How to exercise during pregnancy to control weight 3 is the most suitable aerobic exercise for pregnant mothers.
There are many kinds of exercise, which can be roughly divided into aerobic exercise and muscle strength exercise. Aerobic exercise recommends walking, yoga and leisure sports activities.
Walking is the safest and most convenient exercise during pregnancy, which most pregnant women are willing to accept. To achieve the exercise effect, the walking speed should reach 3-4.5 kilometers per hour and more than 30 minutes per day. At the same time, you can increase the amount of exercise in six steps.
The first step is to walk easily. For pregnant women who never exercise at ordinary times, they can take a walk easily at first, keep a good mood, and the speed is random, fast or slow.
The second step is to gradually increase the stride, and the third step is to increase the swing arm. After a period of adaptation, under the condition of maintaining a certain speed, we should maximize the stride (increase the pedal force of thighs and calves) and increase the swing arm range.
The fourth step is breathing coordination, the way is two steps and one breath, or take a deep breath and breathe slowly, so as to intake more oxygen, make metabolism-breathing more efficient, and exercise respiratory muscles such as diaphragm and intercostal muscle.
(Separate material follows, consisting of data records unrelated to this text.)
(* Fix $\beta\ne0$. For any episode $k\in[K]$, with $\pi^k$ the policy used in episode $k$ and $\mathcal{F}_k$ the history before episode $k$, $$\frac1\beta\big[e^{\beta V_1^*(s_1)}-e^{\beta V_1^{\pi^k}(s_1)}\big]=\mathbb{E}\Big[\sum_{h=1}^H\overline{\Delta}_h\big(s_h,\pi^k_h(s_h);\tau^{\pi^k}_{h-1}\big)\,\Big|\,\mathcal{F}_k\Big],$$ where $\tau^{\pi^k}=((s_h,\pi_h^k(s_h)))_{h\in[H]}$ is the random trajectory generated from $s_1$ by following $\pi^k$ under the transitions $\mathcal{P}$.
   Context: Episodic finite-horizon tabular MDP with finite states $\mathcal{S}$, finite actions $\mathcal{A}$, horizon $H$, $K$ episodes, transitions $\mathcal{P}_h(\cdot\mid s,a)$, deterministic rewards $r_h:\mathcal{S}\times\mathcal{A}\to[0,1]$, fixed initial state $s_1$. A policy is $\pi=(\pi_h:\mathcal{S}\to\mathcal{A})_{h\in[H]}$; the learner's policy $\pi^k$ in episode $k$ is determined by $\mathcal{F}_k$. For $\beta\ne0$: $V_h^\pi(s)=\frac1\beta\log\mathbb{E}[e^{\beta\sum_{i=h}^H r_i(s_i,\pi_i(s_i))}\mid s_h=s]$, $Q_h^\pi(s,a)$ likewise with $a_h=a$ and $\pi$ thereafter; $V^*_h=\sup_\pi V^\pi_h$ attained by an optimal $\pi^*$, $Q^*_h=Q^{\pi^*}_h$. For a trajectory prefix $\tau_{h-1}=((s_j,a_j))_{j<h}$, $R(\tau_{h-1})=\sum_{j<h}r_j(s_j,a_j)$ (zero for $h=1$), and the semi-normalized gap is $\overline{\Delta}_h(s,a;\tau_{h-1})=\frac1\beta e^{\beta R(\tau_{h-1})}[e^{\beta V^*_h(s)}-e^{\beta Q^*_h(s,a)}]$. *)

From HB Require Import structures.
From mathcomp Require Import all_boot all_order all_algebra.
From mathcomp Require Import all_classical all_reals all_analysis.
Set Implicit Arguments. Unset Strict Implicit. Unset Printing Implicit Defensive.
Import Order.TTheory GRing.Theory Num.Theory.
Local Open Scope ring_scope.

Section MDP.
Variables (R : realType) (S A : finType).
(* Steps are indexed by nat; step h ranges over 1..H. *)
(* P h s a s' = P_h(s' | s, a);  r h s a = r_h(s, a). *)
Variables (P : nat -> S -> A -> S -> R) (r : nat -> S -> A -> R).

Definition policy := nat -> S -> A.

(* Expectation of F over the random trajectory ((s_h,a_h),...,(s_{h+n-1},a_{h+n-1}))
   started at state s at step h, taking action a at step h and following pi
   afterwards.  The next state after the last pair is drawn and discarded. *)
Fixpoint texp_from (pi : policy) (n h : nat) (s : S) (a : A)
    (F : seq (S * A) -> R) : R :=
  match n with
  | 0 => F [::]
  | n'.+1 => \sum_(s' : S) P h s a s' *
      (match n' with
       | 0 => F [:: (s, a)]
       | _ => texp_from pi n' h.+1 s' (pi h.+1 s') (fun t => F ((s, a) :: t))
       end)
  end.

Definition texp (pi : policy) (n h : nat) (s : S) (F : seq (S * A) -> R) : R :=
  texp_from pi n h s (pi h s) F.

Fixpoint retsum (h : nat) (t : seq (S * A)) : R :=
  match t with
  | [::] => 0
  | (s, a) :: t' => r h s a + retsum h.+1 t'
  end.

Variables (beta : R) (H : nat).

Definition Vpi (pi : policy) (h : nat) (s : S) : R :=
  beta^-1 * ln (texp pi (H.+1 - h) h s (fun t => expR (beta * retsum h t))).

Definition Qpi (pi : policy) (h : nat) (s : S) (a : A) : R :=
  beta^-1 * ln (texp_from pi (H.+1 - h) h s a (fun t => expR (beta * retsum h t))).

Definition gapbar (pistar : policy) (h : nat) (s : S) (a : A)
    (tau : seq (S * A)) : R :=
  beta^-1 * expR (beta * retsum 1 tau) *
  (expR (beta * Vpi pistar h s) - expR (beta * Qpi pistar h s a)).

(* sum_{h=1}^H gapbar_h(s_h, a_h; tau_{h-1}) for a full trajectory t of length H,
   whose i-th entry (0-based) is (s_{i+1}, a_{i+1}) *)
Definition sum_gaps (pistar : policy) (d : S * A) (t : seq (S * A)) : R :=
  \sum_(i < H) gapbar pistar i.+1 (nth d t i).1 (nth d t i).2 (take i t).

End MDP.

From HB Require Import structures.
From mathcomp Require Import all_boot all_order all_algebra.
From mathcomp Require Import all_classical all_reals all_analysis.
From mathcomp Require Import ring.
Set Implicit Arguments. Unset Strict Implicit. Unset Printing Implicit Defensive.
Import Order.TTheory GRing.Theory Num.Theory.
Local Open Scope ring_scope.

(* Passing from V and Q to the exponential values e^{beta V} and e^{beta Q}
   makes the risk-sensitive Bellman equation linear:
   e^{beta Q_h(s,a)} = e^{beta r_h(s,a)} E_{s' ~ P_h(.|s,a)} e^{beta V_{h+1}(s')}.
   Peeling off the first step of a trajectory of pi, the gap at step h plus
   e^{beta r_h} times the gaps that follow has expectation
   beta^-1 (e^{beta V*_h(s)} - e^{beta Q^pi_h(s,a)}), by induction on the
   remaining horizon: the expected sum of gaps telescopes. *)

Section TrajectoryExpectation.
Variables (R : realType) (S A : finType) (P : nat -> S -> A -> S -> R).
Hypothesis P_ge0 : forall h s a s', 0 <= P h s a s'.
Hypothesis P_sum1 : forall h s a, \sum_(s' : S) P h s a s' = 1.
Variable pi : policy S A.

Lemma texp_fromS n h s a F :
  texp_from P pi n.+1 h s a F =
  \sum_(s' : S) P h s a s' *
    texp_from P pi n h.+1 s' (pi h.+1 s') (fun t => F ((s, a) :: t)).
Proof. by case: n. Qed.

Lemma sum_P_affine h s a c d (f : S -> R) :
  \sum_(s' : S) P h s a s' * (c + d * f s') = c + d * \sum_(s' : S) P h s a s' * f s'.
Proof.
rewrite mulr_sumr -[c in RHS]mulr1 -(P_sum1 h s a) mulr_sumr -big_split /=.
by apply: eq_bigr => s' _; ring.
Qed.

Lemma texp_from_affine n h s a c d G :
  texp_from P pi n h s a (fun t => c + d * G t) = c + d * texp_from P pi n h s a G.
Proof.
elim: n h s a G => [//|n IH] h s a G.
by rewrite !texp_fromS; under eq_bigr do rewrite IH; rewrite sum_P_affine.
Qed.

Lemma texp_from_gt0 n h s a (F : seq (S * A) -> R) :
  (forall t, 0 < F t) -> 0 < texp_from P pi n h s a F.
Proof.
elim: n h s a F => [|n IH] h s a F F_gt0; first exact: F_gt0.
have /hasP[s0 _ P_s0_gt0] :
    has (fun s' => true && (0 < P h s a s')) (index_enum S).
  by rewrite -psumr_neq0 // P_sum1 oner_eq0.
have term_gt0 s' :
    0 < texp_from P pi n h.+1 s' (pi h.+1 s') (fun t => F ((s, a) :: t)).
  exact: IH.
have term_ge0 s' : 0 <= P h s a s' *
    texp_from P pi n h.+1 s' (pi h.+1 s') (fun t => F ((s, a) :: t)).
  by rewrite mulr_ge0 // ltW.
rewrite texp_fromS lt0r psumr_neq0 // sumr_ge0 // andbT.
by apply/hasP; exists s0; rewrite ?mem_index_enum ?mulr_gt0.
Qed.

End TrajectoryExpectation.

Section ExponentialValues.
Variables (R : realType) (S A : finType).
Variables (P : nat -> S -> A -> S -> R) (r : nat -> S -> A -> R).
Variables (beta : R) (H : nat).
Hypothesis P_ge0 : forall h s a s', 0 <= P h s a s'.
Hypothesis P_sum1 : forall h s a, \sum_(s' : S) P h s a s' = 1.

Definition expQ (pi : policy S A) h s a :=
  texp_from P pi (H.+1 - h) h s a (fun t => expR (beta * retsum r h t)).

Definition expV (pi : policy S A) h s := expQ pi h s (pi h s).

Lemma expR_Qpi (pi : policy S A) h s a : beta != 0 ->
  expR (beta * Qpi P r beta H pi h s a) = expQ pi h s a.
Proof.
move=> beta_neq0; rewrite /Qpi mulrA mulfV // mul1r lnK // posrE.
by apply: texp_from_gt0 => // t; exact: expR_gt0.
Qed.

Lemma expR_Vpi (pi : policy S A) h s : beta != 0 ->
  expR (beta * Vpi P r beta H pi h s) = expV pi h s.
Proof. exact: expR_Qpi. Qed.

Lemma expQ_bellman (pi : policy S A) h s a : (h <= H)%N ->
  expQ pi h s a =
  expR (beta * r h s a) * \sum_(s' : S) P h s a s' * expV pi h.+1 s'.
Proof.
move=> le_hH; rewrite /expV /expQ subSS (subSn le_hH) texp_fromS mulr_sumr.
apply: eq_bigr => s' _; rewrite mulrCA; congr (_ * _).
have -> : (fun t => expR (beta * retsum r h ((s, a) :: t))) =
    (fun t => 0 + expR (beta * r h s a) * expR (beta * retsum r h.+1 t)).
  by apply/funext => t /=; rewrite add0r mulrDr expRD.
by rewrite texp_from_affine // add0r.
Qed.

Definition gap_sum (pistar : policy S A) n h (d : S * A) (t : seq (S * A)) :=
  \sum_(j < n) beta^-1 * expR (beta * retsum r h (take j t)) *
    (expV pistar (h + j) (nth d t j).1 -
     expQ pistar (h + j) (nth d t j).1 (nth d t j).2).

Lemma gap_sum_cons pistar n h d s a t :
  gap_sum pistar n.+1 h d ((s, a) :: t) =
  beta^-1 * (expV pistar h s - expQ pistar h s a) +
  expR (beta * r h s a) * gap_sum pistar n h.+1 d t.
Proof.
rewrite /gap_sum big_ord_recl /= addn0 mulr0 expR0 mulr1; congr (_ + _).
rewrite mulr_sumr; apply: eq_bigr => j _ /=.
rewrite /bump leq0n add1n !add0n -addSnnS (mulrDr beta) expRD; ring.
Qed.

Lemma texp_from_gap_sum pistar pi n h s a d : (h + n = H.+1)%N ->
  texp_from P pi n h s a (gap_sum pistar n h d) =
  beta^-1 * (expV pistar h s - expQ pi h s a).
Proof.
elim: n h s a => [|n IH] h s a; rewrite ?addn0 => def_h.
  by rewrite /gap_sum /expV /expQ def_h subnn /= big_ord0 subrr mulr0.
have le_hH : (h <= H)%N by rewrite -ltnS -def_h addnS ltnS leq_addr.
have def_h1 : (h.+1 + n = H.+1)%N by rewrite addSnnS.
rewrite texp_fromS.
have -> : (fun t => gap_sum pistar n.+1 h d ((s, a) :: t)) =
    (fun t => beta^-1 * (expV pistar h s - expQ pistar h s a) +
              expR (beta * r h s a) * gap_sum pistar n h.+1 d t).
  by apply/funext => t; rewrite gap_sum_cons.
under eq_bigr => s' _ do rewrite texp_from_affine // IH // -/(expV pi h.+1 s').
rewrite sum_P_affine // (expQ_bellman pistar) // (expQ_bellman pi) //.
have -> : \sum_(s' : S) P h s a s' *
      (beta^-1 * (expV pistar h.+1 s' - expV pi h.+1 s')) =
    beta^-1 * (\sum_(s' : S) P h s a s' * expV pistar h.+1 s' -
               \sum_(s' : S) P h s a s' * expV pi h.+1 s').
  by rewrite -sumrB mulr_sumr; apply: eq_bigr => s' _; ring.
ring.
Qed.

End ExponentialValues.

Theorem lemma4 (R : realType) (S A : finType)
  (P : nat -> S -> A -> S -> R) (r : nat -> S -> A -> R)
  (beta : R) (H K : nat) (s1 : S)
  (HP0 : forall h s a s', 0 <= P h s a s')
  (HP1 : forall h s a, \sum_(s' : S) P h s a s' = 1)
  (Hr : forall h s a, 0 <= r h s a <= 1)
  (Hbeta : beta != 0)
  (pistar : policy S A)
  (Hopt : forall (pi : policy S A) (h : nat) (s : S),
      Vpi P r beta H pi h s <= Vpi P r beta H pistar h s)
  (pis : nat -> policy S A) (k : nat) (Hk : (1 <= k <= K)%N) :
  beta^-1 * (expR (beta * Vpi P r beta H pistar 1 s1)
             - expR (beta * Vpi P r beta H (pis k) 1 s1))
  = texp P (pis k) H 1 s1
      (sum_gaps P r beta H pistar (s1, pis k 1%N s1)).
Proof.
have -> : sum_gaps P r beta H pistar (s1, pis k 1%N s1) =
    gap_sum P r beta H pistar H 1 (s1, pis k 1%N s1).
  apply/funext => t; apply: eq_bigr => i _.
  by rewrite /gapbar !expR_Vpi ?expR_Qpi // add1n.
by rewrite /texp texp_from_gap_sum ?add1n // !expR_Vpi.
Qed.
The fifth step is upper limb exercise. After mastering the above four steps, walk with upper limb movements, such as lucky cat, W arm, L arm, shoulder ring and vibrating arm. , each group 12 times, do 3 groups. Upper limb exercise can significantly enhance the exercise effect, increase the amount of exercise at a certain pace, and exercise the muscles of upper limbs, shoulders and back at the same time to enhance muscle strength.
The sixth step, upper limb weight-bearing exercise, you can buy two 1.5 kg dumbbells or sandbags tied to your wrists, or take two bottles of mineral water in your hand. Starting from the swing arm movement, you can gradually cooperate with the upper limb movement.
Leisure sports activities refer to sports activities that you consciously participate in at home, at work or outdoors in a relaxed mood, including sweeping the floor, buying vegetables, Kegel sports and so on.
The main methods of yoga are breathing, posture and meditation, which can improve the physical and mental health of pregnant women and relieve common discomfort symptoms during pregnancy, such as lumbosacral pain, fatigue, varicose veins, edema of lower limbs, mood swings and insomnia.
In the first trimester, easy and gentle exercise is the main practice; Moderately increase the intensity of exercise in the second trimester to enhance the strength of legs and waist. Practice midwifery in the third trimester of pregnancy to increase the elasticity and strength of back and pelvic floor muscles.